◆ Records shown:
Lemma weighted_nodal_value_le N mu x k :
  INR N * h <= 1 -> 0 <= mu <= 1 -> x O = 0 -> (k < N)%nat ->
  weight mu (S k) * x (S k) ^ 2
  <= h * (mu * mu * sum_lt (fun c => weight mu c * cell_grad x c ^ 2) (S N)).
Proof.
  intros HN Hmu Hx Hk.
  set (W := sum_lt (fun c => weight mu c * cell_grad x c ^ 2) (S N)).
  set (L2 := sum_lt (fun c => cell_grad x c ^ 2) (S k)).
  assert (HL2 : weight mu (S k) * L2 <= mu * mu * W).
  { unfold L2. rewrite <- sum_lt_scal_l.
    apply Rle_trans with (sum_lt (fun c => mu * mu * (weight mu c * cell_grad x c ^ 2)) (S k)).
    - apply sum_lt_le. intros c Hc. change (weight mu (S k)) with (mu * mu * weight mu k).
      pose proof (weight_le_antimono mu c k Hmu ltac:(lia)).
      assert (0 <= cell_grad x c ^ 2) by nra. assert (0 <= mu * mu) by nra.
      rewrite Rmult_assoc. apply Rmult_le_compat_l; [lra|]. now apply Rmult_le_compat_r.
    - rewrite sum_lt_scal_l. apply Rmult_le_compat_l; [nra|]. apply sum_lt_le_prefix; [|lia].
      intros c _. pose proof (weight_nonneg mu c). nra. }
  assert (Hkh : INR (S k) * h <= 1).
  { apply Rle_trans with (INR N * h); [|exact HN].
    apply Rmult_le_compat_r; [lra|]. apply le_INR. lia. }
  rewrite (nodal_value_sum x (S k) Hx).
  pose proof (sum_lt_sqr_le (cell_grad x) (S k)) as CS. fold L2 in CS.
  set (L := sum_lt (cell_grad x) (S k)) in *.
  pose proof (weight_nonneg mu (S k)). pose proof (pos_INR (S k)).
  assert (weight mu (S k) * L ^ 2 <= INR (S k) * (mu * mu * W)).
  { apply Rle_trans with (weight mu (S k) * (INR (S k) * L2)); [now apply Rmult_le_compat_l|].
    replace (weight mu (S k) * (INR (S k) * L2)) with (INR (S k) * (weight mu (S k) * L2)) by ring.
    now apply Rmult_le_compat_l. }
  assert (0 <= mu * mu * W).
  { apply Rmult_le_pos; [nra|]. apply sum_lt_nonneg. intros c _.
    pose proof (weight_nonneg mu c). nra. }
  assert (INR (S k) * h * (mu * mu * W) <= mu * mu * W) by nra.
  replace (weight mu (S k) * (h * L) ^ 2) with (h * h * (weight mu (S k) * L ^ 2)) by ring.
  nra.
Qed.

◆ What you are asked to do:
Find the string "replace" in the material above, and report every line where it occurs.

◆ Task answer:
    replace (weight mu (S k) * (INR (S k) * L2)) with (INR (S k) * (weight mu (S k) * L2)) by ring.
  replace (weight mu (S k) * (h * L) ^ 2) with (h * h * (weight mu (S k) * L ^ 2)) by ring.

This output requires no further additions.